Tony Smith

Personal information
- Full name: Anthony Smith
- Born: 15 August 1961 (age 65) Burnley, Lancashire, England
- Batting: Right-handed
- Bowling: Slow left-arm orthodox

Domestic team information
- 1989–2004: Wales Minor Counties
- 1993–1994: Minor Counties

Career statistics
| Competition | List A |
| Matches | 6 |
| Runs scored | 8 |
| Batting average | 4.00 |
| 100s/50s | 0/0 |
| Top score | 6 |
| Balls bowled | 344 |
| Wickets | 9 |
| Bowling average | 20.77 |
| 5 wickets in innings | 0 |
| 10 wickets in match | 0 |
| Best bowling | 3/40 |
| Catches/stumpings | 4/– |
- Source: Cricinfo, 13 May 2011

= Tony Smith (English cricketer) =

English cricketer

Anthony Smith (born 15 August 1961) is a former English cricketer. Smith was a right-handed batsman who bowled slow left-arm orthodox. He was born in Burnley, Lancashire.
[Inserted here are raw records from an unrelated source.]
(* Let $\lambda\in(0,1)$ and $s=(s_1,s_2)\in\mathbb{R}^2$ with $|s|=1$, $s\neq e_1$, and either $s=e_2$ or $s_1s_2\neq0$. (i) For every $\gamma\in K_{s,\lambda}$ and $R\in SO(2)$ there exists $N\in\mathcal{M}_{e_1}\cap\mathcal{N}_s$ such that $Ne_1=Re_1$ and $\lambda N+(1-\lambda)R=R(\mathbb{I}+\gamma e_1\otimes e_2)$. (ii) Let $N\in\mathcal{N}_s$ and $R\in SO(2)$ with $Re_1=Ne_1$. Then there exists $\gamma\in K_{s,\lambda}$ such that $\lambda N+(1-\lambda)R=R(\mathbb{I}+\gamma e_1\otimes e_2)$.
   Context: $\mathcal{M}_{e_1}=\{F\in\mathbb{R}^{2\times2}:\det F=1,|Fe_1|=1\}$; $\mathcal{N}_s=\{F\in\mathbb{R}^{2\times2}:\det F=1,|Fs|\le1\}$. $K_{s,\lambda}=\{0\}$ if $s=e_2$; $K_{s,\lambda}=[-2\frac{s_1}{s_2}\lambda,0]$ if $s_1s_2>0$; $K_{s,\lambda}=[0,-2\frac{s_1}{s_2}\lambda]$ if $s_1s_2<0$. *)

From HB Require Import structures.
From mathcomp Require Import all_boot all_order all_algebra.
Set Implicit Arguments. Unset Strict Implicit. Unset Printing Implicit Defensive.
Import Order.TTheory GRing.Theory Num.Theory.
Local Open Scope ring_scope.

Section Defs.
Variable R : rcfType.

Definition e1 : 'cV[R]_2 := \col_i (if i == 0 :> nat then 1 else 0).
Definition e2 : 'cV[R]_2 := \col_i (if i == 1 :> nat then 1 else 0).

Definition vnorm (v : 'cV[R]_2) : R := Num.sqrt (\sum_i v i 0 ^+ 2).

Definition tens (a b : 'cV[R]_2) : 'M[R]_2 := a *m b^T.

Definition SO2 (Q : 'M[R]_2) : Prop := Q^T *m Q = 1%:M /\ \det Q = 1.

Definition M_e1 (F : 'M[R]_2) : Prop := \det F = 1 /\ vnorm (F *m e1) = 1.

Definition N_s (s : 'cV[R]_2) (F : 'M[R]_2) : Prop :=
  \det F = 1 /\ vnorm (F *m s) <= 1.

(* K_{s,lambda}; s1 = s 0 0, s2 = s 1 0. Empty in cases not covered by the paper. *)
Definition K_s (s : 'cV[R]_2) (lam : R) (g : R) : Prop :=
  let s1 := s 0 0 in let s2 := s 1 0 in
  if s == e2 then g = 0
  else if 0 < s1 * s2 then (-(2 * (s1 / s2) * lam) <= g <= 0 : Prop)
  else if s1 * s2 < 0 then (0 <= g <= -(2 * (s1 / s2) * lam) : Prop)
  else False.

End Defs.

(* A matrix N with det N = 1 and N e1 = Q e1, Q a rotation, is Q (I + a e1 (x) e2)
   with a = (Q^T N)_12, because Q^T N fixes e1 and has determinant 1; conversely every
   such product lies in M_{e1}.  Then lam N + (1 - lam) Q = Q (I + lam a e1 (x) e2),
   and since Q is an isometry, |N s|^2 <= 1 reads (s1 + a s2)^2 + s2^2 <= 1, i.e.
   a s2 (a s2 + 2 s1) <= 0, which for g = lam a is exactly g \in K_{s,lam}. *)

From HB Require Import structures.
From mathcomp Require Import all_boot all_order all_algebra.
From mathcomp Require Import ring lra.
Set Implicit Arguments.
Unset Strict Implicit.
Unset Printing Implicit Defensive.

Import Order.TTheory GRing.Theory Num.Theory.
Local Open Scope ring_scope.

Lemma sum_ord2 (V : nmodType) (F : 'I_2 -> V) : \sum_i F i = F 0 + F 1.
Proof. by rewrite big_ord_recl big_ord1; congr (F _ + F _); apply: val_inj. Qed.

Lemma ord2P (i : 'I_2) : i = 0 \/ i = 1.
Proof. by case: i => [[|[|//]] ?]; [left | right]; apply: val_inj. Qed.

Lemma matrix2P (T : Type) (A B : 'M[T]_2) :
  A 0 0 = B 0 0 -> A 0 1 = B 0 1 -> A 1 0 = B 1 0 -> A 1 1 = B 1 1 -> A = B.
Proof.
move=> ? ? ? ?; apply/matrixP => i j.
by case: (ord2P i) => ->; case: (ord2P j) => ->.
Qed.

Lemma col2P (T : Type) (u v : 'cV[T]_2) : u 0 0 = v 0 0 -> u 1 0 = v 1 0 -> u = v.
Proof. by move=> ? ?; apply/matrixP => i j; rewrite ord1; case: (ord2P i) => ->. Qed.

Lemma det_mx2 (R : comNzRingType) (A : 'M[R]_2) :
  \det A = A 0 0 * A 1 1 - A 0 1 * A 1 0.
Proof.
rewrite (expand_det_row _ 0) sum_ord2 /cofactor !det_mx11 !mxE /= expr0 expr1.
have -> : lift 0 0 = 1 :> 'I_2 by apply: val_inj.
have -> : lift 1 0 = 0 :> 'I_2 by apply: val_inj.
ring.
Qed.

Lemma mul_subr_le0 (R : realDomainType) (x u v : R) : u <= v ->
  ((x - u) * (x - v) <= 0) = (u <= x <= v).
Proof. by move=> le_uv; apply/idP/andP => [h | [h1 h2]]; [split|]; nra. Qed.

Section Shear.
Variable R : rcfType.
Local Notation e1 := (e1 R).
Local Notation e2 := (e2 R).

Definition shear (a : R) : 'M[R]_2 := 1%:M + a *: tens e1 e2.

Local Ltac mx2E := rewrite /shear /tens /e1 /e2 ?(mxE, sum_ord2, big_ord1) /= ?mulr1n ?mulr0n.

Lemma shear_e1 (a : R) : shear a *m e1 = e1.
Proof. by apply: col2P; mx2E; ring. Qed.

Lemma det_shear (a : R) : \det (shear a) = 1.
Proof. by rewrite det_mx2; mx2E; ring. Qed.

Lemma fixed_e1_shear (M : 'M[R]_2) : M *m e1 = e1 -> \det M = 1 -> M = shear (M 0 1).
Proof.
move=> Me1 detM; have := congr1 (fun v : 'cV[R]_2 => v 0 0) Me1.
have := congr1 (fun v : 'cV[R]_2 => v 1 0) Me1.
mx2E; rewrite !mulr1 !mulr0 !addr0 => M10 M00.
rewrite det_mx2 M00 M10 mul1r mulr0 subr0 in detM.
by apply: matrix2P; mx2E; rewrite ?M00 ?M10 ?detM; ring.
Qed.

Lemma mulmx_shear_combination (lam a : R) (A : 'M[R]_2) :
  lam *: (A *m shear a) + (1 - lam) *: A = A *m shear (lam * a).
Proof. by apply: matrix2P; mx2E; ring. Qed.

Lemma vnormE (v : 'cV[R]_2) : vnorm v = Num.sqrt ((v^T *m v) 0 0).
Proof.
by rewrite /vnorm mxE; congr Num.sqrt; apply: eq_bigr => i _; rewrite !mxE expr2.
Qed.

Lemma vnorm_SO2 (Q : 'M[R]_2) (v : 'cV[R]_2) : SO2 Q -> vnorm (Q *m v) = vnorm v.
Proof. by case=> QTQ _; rewrite !vnormE trmx_mul mulmxA -(mulmxA v^T) QTQ mulmx1. Qed.

Lemma vnorm_le1 (v : 'cV[R]_2) : (vnorm v <= 1) = (v 0 0 ^+ 2 + v 1 0 ^+ 2 <= 1).
Proof. by rewrite /vnorm sum_ord2 -{1}sqrtr1 ler_sqrt. Qed.

Lemma vnorm_eq1 (v : 'cV[R]_2) : vnorm v = 1 <-> v 0 0 ^+ 2 + v 1 0 ^+ 2 = 1.
Proof.
rewrite /vnorm sum_ord2; split => [h | ->]; last exact: sqrtr1.
by rewrite -[LHS]sqr_sqrtr ?h ?expr1n // addr_ge0 ?sqr_ge0.
Qed.

Lemma vnorm_e1 : vnorm e1 = 1.
Proof. by apply/vnorm_eq1; mx2E; ring. Qed.

Lemma vnorm_shear_le1 (a : R) (s : 'cV[R]_2) : s 0 0 ^+ 2 + s 1 0 ^+ 2 = 1 ->
  (vnorm (shear a *m s) <= 1) = (a * s 1 0 * (a * s 1 0 + 2 * s 0 0) <= 0).
Proof.
move=> s_unit; rewrite vnorm_le1 -subr_le0 -[X in _ - X]s_unit.
by congr (_ <= _); mx2E; ring.
Qed.

Lemma SO2_shear_decomposition (Q N : 'M[R]_2) :
  SO2 Q -> \det N = 1 -> Q *m e1 = N *m e1 -> N = Q *m shear ((Q^T *m N) 0 1).
Proof.
move=> [QTQ detQ] detN QNe1; rewrite -fixed_e1_shear.
- by rewrite mulmxA (mulmx1C QTQ) mul1mx.
- by rewrite -mulmxA -QNe1 mulmxA QTQ mul1mx.
- by rewrite det_mulmx det_tr detQ detN mulr1.
Qed.

Lemma M_e1_SO2_shear (Q : 'M[R]_2) (a : R) : SO2 Q -> M_e1 (Q *m shear a).
Proof.
move=> Q_SO2; split; first by rewrite det_mulmx det_shear Q_SO2.2 mulr1.
by rewrite -mulmxA shear_e1 vnorm_SO2 // vnorm_e1.
Qed.

Lemma N_s_SO2_shear (Q : 'M[R]_2) (s : 'cV[R]_2) (a : R) :
  SO2 Q -> N_s s (Q *m shear a) <-> vnorm (shear a *m s) <= 1.
Proof.
move=> Q_SO2; rewrite /N_s -mulmxA vnorm_SO2 //.
by split=> [[] | ?] //; split; first exact: (M_e1_SO2_shear a Q_SO2).1.
Qed.

Lemma K_s_scaled (lam a : R) (s : 'cV[R]_2) :
  0 < lam -> s 0 0 ^+ 2 + s 1 0 ^+ 2 = 1 -> s = e2 \/ s 0 0 * s 1 0 != 0 ->
  K_s s lam (lam * a) <-> a * s 1 0 * (a * s 1 0 + 2 * s 0 0) <= 0.
Proof.
move=> lam_gt0 s_unit s_cases; rewrite /K_s /=.
have [-> | s_neq_e2] := eqVneq s e2.
  rewrite /e2 !mxE /= mulr1 mulr0 addr0 -expr2 le_eqVlt ltNge sqr_ge0 orbF sqrf_eq0.
  by rewrite (rwP eqP) mulf_eq0 gt_eqF.
have {s_cases} s01_neq0 : s 0 0 * s 1 0 != 0.
  by case: s_cases => // /eqP; rewrite (negbTE s_neq_e2).
have s1_neq0 : s 1 0 != 0 by move: s01_neq0; rewrite mulf_eq0 negb_or => /andP[].
set t := s 0 0 / s 1 0.
have s1_sqr_gt0 : 0 < s 1 0 ^+ 2 by rewrite exprn_even_gt0.
have s01E : s 0 0 * s 1 0 = t * s 1 0 ^+ 2 by rewrite /t expr2 mulrA divfK.
have -> : a * s 1 0 * (a * s 1 0 + 2 * s 0 0) = s 1 0 ^+ 2 * (a * (a + 2 * t)).
  by rewrite /t; field.
have -> : - (2 * t * lam) = lam * - (2 * t) by ring.
rewrite s01E pmulr_lgt0 // pmulr_llt0 // (pmulr_rle0 _ s1_sqr_gt0).
rewrite pmulr_rle0 // pmulr_rge0 // !ler_pM2l //.
have [t_gt0 | t_lt0 | t_eq0] := ltgtP 0 t.
- have -> : a * (a + 2 * t) = (a - - (2 * t)) * (a - 0) by ring.
  by rewrite mul_subr_le0 //; lra.
- have -> : a * (a + 2 * t) = (a - 0) * (a - - (2 * t)) by ring.
  by rewrite mul_subr_le0 //; lra.
- by move: s01_neq0; rewrite s01E -t_eq0 mul0r eqxx.
Qed.

Lemma N_s_SO2_shear_K_s (lam a : R) (s : 'cV[R]_2) (Q : 'M[R]_2) :
  0 < lam -> s 0 0 ^+ 2 + s 1 0 ^+ 2 = 1 -> s = e2 \/ s 0 0 * s 1 0 != 0 -> SO2 Q ->
  N_s s (Q *m shear a) <-> K_s s lam (lam * a).
Proof.
move=> lam_gt0 s_unit s_cases Q_SO2.
apply: iff_trans (N_s_SO2_shear s a Q_SO2) _; rewrite vnorm_shear_le1 //.
exact: iff_sym (K_s_scaled a lam_gt0 s_unit s_cases).
Qed.

End Shear.

Theorem lemma3p4 (R : rcfType) (lam : R) (s : 'cV[R]_2) :
  0 < lam < 1 ->
  vnorm s = 1 ->
  s <> e1 R ->
  (s = e2 R \/ s 0 0 * s 1 0 != 0) ->
  (forall (g : R) (Q : 'M[R]_2), K_s s lam g -> SO2 Q ->
     exists N : 'M[R]_2, M_e1 N /\ N_s s N /\ N *m e1 R = Q *m e1 R /\
       lam *: N + (1 - lam) *: Q = Q *m (1%:M + g *: tens (e1 R) (e2 R)))
  /\
  (forall (N Q : 'M[R]_2), N_s s N -> SO2 Q -> Q *m e1 R = N *m e1 R ->
     exists g : R, K_s s lam g /\
       lam *: N + (1 - lam) *: Q = Q *m (1%:M + g *: tens (e1 R) (e2 R))).
Proof.
move=> /andP[lam_gt0 _] /vnorm_eq1 s_unit _ s_cases; split.
- move=> g Q Kg Q_SO2; set a := g / lam.
  have g_eq : g = lam * a by rewrite /a mulrC divfK ?gt_eqF.
  rewrite g_eq in Kg *; exists (Q *m shear a); split; first exact: M_e1_SO2_shear.
  split; first exact/(N_s_SO2_shear_K_s a lam_gt0 s_unit s_cases Q_SO2).
  by rewrite -mulmxA shear_e1 mulmx_shear_combination.
- move=> N Q NsN Q_SO2 QNe1; set a := (Q^T *m N) 0 1.
  have N_eq : N = Q *m shear a := SO2_shear_decomposition Q_SO2 NsN.1 QNe1.
  exists (lam * a); rewrite N_eq mulmx_shear_combination; split => //.
  by apply/(N_s_SO2_shear_K_s a lam_gt0 s_unit s_cases Q_SO2); rewrite -N_eq.
Qed.
(* Let $(V,\omega)$ be a symplectic space over $\mathbb F_q$ and $\overline V=(V,-\omega)$. Let $r:H(V)\to H(\overline V)$, $r(v,z)=(v,-z)$ (a group isomorphism), and for $L^\circ\in OLag(V)=OLag(\overline V)$ let $r^*_{L^\circ}:\mathcal H_{L^\circ}(\overline V,\psi)\to\mathcal H_{L^\circ}(V,\psi^{-1})$, $f\mapsto f\circ r$. Let $\overline T$ be the canonical trivialization for $(\overline V,\psi)$ and $T$ the canonical trivialization for $(V,\psi^{-1})$. Then for all $(M^\circ,L^\circ)\in OLag(V)^2$, $$r^*_{M^\circ}\circ\overline T_{M^\circ,L^\circ}=T_{M^\circ,L^\circ}\circ r^*_{L^\circ}.$$
   Context: $q$ is a power of an odd prime. For a symplectic space $(V,\omega)$ of dimension $2n$ over $\mathbb F_q$ and a non-trivial character $\psi$ of $\mathbb F_q$: $H(V)$ is $V\times\mathbb F_q$ with $(v,z)(v',z')=(v+v',z+z'+\tfrac12\omega(v,v'))$; an oriented Lagrangian is $L^\circ=(L,o_L)$ with $L$ Lagrangian and $o_L\in\bigwedge^nL$ nonzero, $OLag(V)$ their set; $\mathcal H_{L^\circ}(V,\psi)$ is the space of $f:H(V)\to\mathbb C$ with $f((0,z)(l,0)h)=\psi(z)f(h)$ ($z\in\mathbb F_q,l\in L,h\in H(V)$), with $H(V)$ acting by right translation. $\omega_\wedge(a_1\wedge\dots\wedge a_n,b_1\wedge\dots\wedge b_n)=(-1)^{n(n-1)/2}\det(\omega(a_i,b_j))$ (computed with the form of the space in question); $\sigma$ the Legendre character; $G_1(\psi)=\sum_z\psi(\tfrac12z^2)$. For $M+L=V$ set $T^0_{M^\circ,L^\circ}f(h)=(G_1(\psi)/q)^n\sigma((-1)^{n(n-1)/2}\omega_\wedge(o_L,o_M))\sum_{m\in M}f((m,0)h)$. The canonical trivialization for $(V,\psi)$ is the unique family of $H(V)$-intertwining isomorphisms $T_{M^\circ,L^\circ}:\mathcal H_{L^\circ}(V,\psi)\to\mathcal H_{M^\circ}(V,\psi)$, $(M^\circ,L^\circ)\in OLag(V)^2$, with $T_{N^\circ,M^\circ}T_{M^\circ,L^\circ}=T_{N^\circ,L^\circ}$ for all triples and $T=T^0$ on pairs in general position. *)

From HB Require Import structures.
From mathcomp Require Import all_boot all_order all_algebra all_field.
Set Implicit Arguments. Unset Strict Implicit. Unset Printing Implicit Defensive.
Import GRing.Theory Num.Theory.
Local Open Scope ring_scope.

Section Heisenberg.
Variables (F : finFieldType) (n : nat).

(* The symplectic space V = F^(2n) (row vectors); the form is given by a matrix W:
   omega(u,v) = u W v^T. *)
Definition sform (W : 'M[F]_(n.*2)) (u v : 'rV[F]_(n.*2)) : F := (u *m W *m v^T) 0 0.

(* W defines a symplectic form: skew (= alternating in odd char) and nondegenerate. *)
Definition symplectic (W : 'M[F]_(n.*2)) : bool := (W^T == - W) && (W \in unitmx).

Definition heis : finType := ('rV[F]_(n.*2) * F)%type.

Definition hmul (W : 'M[F]_(n.*2)) (h h' : heis) : heis :=
  (h.1 + h'.1, h.2 + h'.2 + 2%:R^-1 * sform W h.1 h'.1).

(* An oriented Lagrangian L° = (L, o_L) is represented by a basis matrix B
   (rows b_1..b_n, L = row space of B, o_L = b_1 /\ ... /\ b_n). *)
Definition is_olag (W : 'M[F]_(n.*2)) (B : 'M[F]_(n, n.*2)) : bool :=
  row_free B && (B *m W *m B^T == 0).

Definition same_olag (B B' : 'M[F]_(n, n.*2)) : Prop :=
  exists P : 'M[F]_n, \det P = 1 /\ B' = P *m B.

Definition additive_char (psi : F -> algC) : Prop :=
  forall a b, psi (a + b) = psi a * psi b.

Definition nontrivial_char (psi : F -> algC) : Prop := exists z, psi z != 1.

Definition in_schr (W : 'M[F]_(n.*2)) (psi : F -> algC) (B : 'M[F]_(n, n.*2))
  (f : {ffun heis -> algC}) : Prop :=
  forall (z : F) (l : 'rV[F]_(n.*2)) (h : heis), (l <= B)%MS ->
    f (hmul W (0, z) (hmul W (l, 0) h)) = psi z * f h.

Definition rtrans (W : 'M[F]_(n.*2)) (g : heis) (f : {ffun heis -> algC})
  : {ffun heis -> algC} := [ffun h => f (hmul W h g)].

Definition owedge (W : 'M[F]_(n.*2)) (A B : 'M[F]_(n, n.*2)) : F :=
  (-1) ^+ ((n * (n - 1)) %/ 2)%N * \det (A *m W *m B^T).

Definition legendre (x : F) : algC :=
  if x == 0 then 0 else if [exists y : F, y ^+ 2 == x] then 1 else -1.

Definition G1 (psi : F -> algC) : algC := \sum_(z : F) psi (2%:R^-1 * z ^+ 2).

Definition transversal (M L : 'M[F]_(n, n.*2)) : bool := row_full (col_mx M L).

Definition T0 (W : 'M[F]_(n.*2)) (psi : F -> algC) (M L : 'M[F]_(n, n.*2))
  (f : {ffun heis -> algC}) : {ffun heis -> algC} :=
  [ffun h => (G1 psi / #|F|%:R) ^+ n
     * legendre ((-1) ^+ ((n * (n - 1)) %/ 2)%N * owedge W L M)
     * \sum_(m : 'rV[F]_(n.*2) | (m <= M)%MS) f (hmul W (m, 0) h)].

(* T is (the) canonical trivialization for (V = (F^(2n), W), psi):
   a family of H(V)-intertwining isomorphisms H_{L°} -> H_{M°}, indexed by
   pairs of oriented Lagrangians (so invariant under change of basis with the
   same orientation), transitive, and equal to T0 on pairs in general position. *)
Definition canon_triv (W : 'M[F]_(n.*2)) (psi : F -> algC)
  (T : 'M[F]_(n, n.*2) -> 'M[F]_(n, n.*2) -> {ffun heis -> algC} -> {ffun heis -> algC})
  : Prop :=
      (forall M M' L L', is_olag W M -> is_olag W L -> same_olag M M' -> same_olag L L' ->
         forall f, in_schr W psi L f -> T M' L' f = T M L f) /\
      (forall M L, is_olag W M -> is_olag W L ->
         forall f, in_schr W psi L f -> in_schr W psi M (T M L f)) /\
      (forall M L, is_olag W M -> is_olag W L ->
         forall (a : algC) f g, in_schr W psi L f -> in_schr W psi L g ->
           T M L [ffun h => a * f h + g h] = [ffun h => a * T M L f h + T M L g h]) /\
      (forall M L, is_olag W M -> is_olag W L ->
         (forall f g, in_schr W psi L f -> in_schr W psi L g ->
            T M L f = T M L g -> f = g) /\
         (forall g, in_schr W psi M g -> exists2 f, in_schr W psi L f & T M L f = g)) /\
      (forall M L, is_olag W M -> is_olag W L ->
         forall f g, in_schr W psi L f -> T M L (rtrans W g f) = rtrans W g (T M L f)) /\
      (forall N M L, is_olag W N -> is_olag W M -> is_olag W L ->
         forall f, in_schr W psi L f -> T N M (T M L f) = T N L f) /\
      (forall M L, is_olag W M -> is_olag W L -> transversal M L ->
         forall f, in_schr W psi L f -> T M L f = T0 W psi M L f).

Definition rstar (f : {ffun heis -> algC}) : {ffun heis -> algC} :=
  [ffun h : heis => f (h.1, - h.2)].

End Heisenberg.

(* Write T^0 for the explicit operators of the general-position formula and
   Tbar^0 for those of (V,-omega).  The proof rests on two facts.

   1. Geometry: for any two Lagrangians M, L of a symplectic space in odd
      characteristic there is a Lagrangian N transversal to both.  N is built
      one vector at a time: an isotropic N_k meeting M and L trivially can be
      enlarged by a vector of N_k^perp avoiding both N_k + M and N_k + L,
      which exists by a dimension count.  Transitivity and normalisation then
      force  T_{M,L} = T^0_{M,N} T^0_{N,L}  for every canonical trivialization.

   2. Arithmetic: r^* Tbar^0_{M,N} = T^0_{M,N} r^*.  The sums over M agree
      since r is an isomorphism H(V) -> H(V-bar); the constants agree because
      omega_wedge changes by (-1)^n under omega |-> -omega, while
      G_1(psi^-1) = sigma(-1) G_1(psi) (a quadratic Gauss sum evaluation
      using multiplicativity of the Legendre symbol). *)

From Pilot Require Import Defs.
From HB Require Import structures.
From mathcomp Require Import all_boot all_order all_algebra all_field.
From mathcomp Require Import all_fingroup all_solvable zify.
Import GRing.Theory Num.Theory.
Local Open Scope ring_scope.
Set Implicit Arguments. Unset Strict Implicit. Unset Printing Implicit Defensive.

Section RowSpaces.
Variables (K : fieldType) (m : nat).

Lemma rank_adds_row k (A : 'M[K]_(k, m)) (v : 'rV[K]_m) :
  ~~ (v <= A)%MS -> \rank (A + v)%MS = (\rank A).+1.
Proof.
move=> vA; have v0 : v != 0 by apply: contraNneq vA => ->; apply: sub0mx.
suff capA0 : \rank (A :&: v)%MS = 0%N.
  by have := mxrank_sum_cap A v; rewrite capA0 rank_rV v0 addn0 addn1.
apply/eqP; rewrite -leqn0 leqNgt; apply/negP => rk_pos.
have capv : (v <= A :&: v)%MS.
  by rewrite -(geq_leqif (mxrank_leqif_sup (capmxSr A v))) rank_rV v0.
by move/negP: vA; apply; apply: submx_trans capv (capmxSl _ _).
Qed.

Lemma exists_row_outside k j (P : 'M[K]_(k, m)) (X : 'M[K]_(j, m)) :
  (\rank X < \rank P)%N -> exists2 a : 'rV[K]_m, (a <= P)%MS & ~~ (a <= X)%MS.
Proof.
move=> rXP; have : ~~ (P <= X)%MS by apply/negP => /mxrankS; rewrite leqNgt rXP.
by case/row_subPn => i Hi; exists (row i P) => //; apply: row_sub.
Qed.

(* A space not contained in X nor in Y has a vector avoiding both:
   if a avoids X only and b avoids Y only, then a + b avoids both. *)
Lemma exists_row_outside2 k j p (P : 'M[K]_(k, m)) (X : 'M[K]_(j, m))
  (Y : 'M[K]_(p, m)) (a b : 'rV[K]_m) :
  (a <= P)%MS -> ~~ (a <= X)%MS -> (b <= P)%MS -> ~~ (b <= Y)%MS ->
  exists v : 'rV[K]_m, [/\ (v <= P)%MS, ~~ (v <= X)%MS & ~~ (v <= Y)%MS].
Proof.
move=> aP aX bP bY.
have [aY|] := boolP (a <= Y)%MS; last by exists a.
have [bX|] := boolP (b <= X)%MS; last by exists b.
exists (a + b); split; first exact: addmx_sub.
- apply: contra aX => abX.
  by rewrite -(addrK b a); apply: addmx_sub => //; rewrite eqmx_opp.
- apply: contra bY => abY.
  by rewrite -(addKr a b) addrC; apply: addmx_sub => //; rewrite eqmx_opp.
Qed.

End RowSpaces.

Section SymplecticGeometry.
Variables (K : fieldType) (n : nat) (W : 'M[K]_(n.*2)).
Hypothesis W_skew : W^T = - W.
Hypothesis W_unit : W \in unitmx.
Hypothesis two_neq0 : (2%:R : K) != 0.

Definition perp k (A : 'M[K]_(k, n.*2)) : 'M[K]_(n.*2) := kermx (W *m A^T).

Lemma sub_perp k j (B : 'M[K]_(j, n.*2)) (A : 'M[K]_(k, n.*2)) :
  (B <= perp A)%MS = (B *m W *m A^T == 0).
Proof. by rewrite sub_kermx mulmxA. Qed.

Lemma perp_sym k j (B : 'M[K]_(j, n.*2)) (A : 'M[K]_(k, n.*2)) :
  (B <= perp A)%MS = (A <= perp B)%MS.
Proof.
have flip (X : 'M[K]_(j, n.*2)) (Y : 'M[K]_(k, n.*2)) :
    (Y *m W *m X^T)^T = - (X *m W *m Y^T).
  by rewrite !trmx_mul trmxK W_skew mulNmx mulmxN mulmxA.
by rewrite !sub_perp -oppr_eq0 -flip trmx_eq0.
Qed.

Lemma rank_perp k (A : 'M[K]_(k, n.*2)) : \rank (perp A) = (n.*2 - \rank A)%N.
Proof.
have W_full : row_full W by rewrite row_full_unit.
by rewrite /perp mxrank_ker (eqmxMfull _ W_full) mxrank_tr.
Qed.

Lemma perp_adds k j p (A : 'M[K]_(k, n.*2)) (B : 'M[K]_(j, n.*2))
  (X : 'M[K]_(p, n.*2)) :
  (X <= perp A)%MS -> (X <= perp B)%MS -> (X <= perp (A + B)%MS)%MS.
Proof. by rewrite !(perp_sym X) addsmx_sub => -> ->. Qed.

(* In odd characteristic a skew form is alternating: v is isotropic. *)
Lemma isotropic_row (v : 'rV[K]_(n.*2)) : v *m W *m v^T = 0.
Proof.
set x := v *m W *m v^T.
have xT : x^T = - x by rewrite /x !trmx_mul trmxK W_skew mulNmx mulmxN mulmxA.
apply/matrixP => i j; rewrite !ord1 mxE.
have /eqP := congr1 (fun A : 'M[K]_1 => A 0 0) xT; rewrite !mxE.
rewrite -subr_eq0 opprK -mulr2n -mulr_natr mulf_eq0 (negbTE two_neq0) orbF.
by move/eqP.
Qed.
Smith made his debut for Wales Minor Counties in the 1989 Minor Counties Championship against Cornwall. He played Minor counties cricket for Wales Minor Counties from 1989 to 2004, which included 35 Minor Counties Championship matches and 8 MCCA Knockout Trophy matches. He made his List A debut in the 1993 Benson & Hedges Cup for a combined Minor Counties cricket team against Durham. He played a further match for the team in the following season's competition against Sussex. It was in the 1993 season that he made his List A debut for Wales Minor Counties against Nottinghamshire in the NatWest Trophy. He played 3 further List A matches for the team, the last coming against Middlesex in the 2004 Cheltenham & Gloucester Trophy. In his 6 List A matches, he took 9 wickets at a bowling average of 20.77, with best figures of 3/40.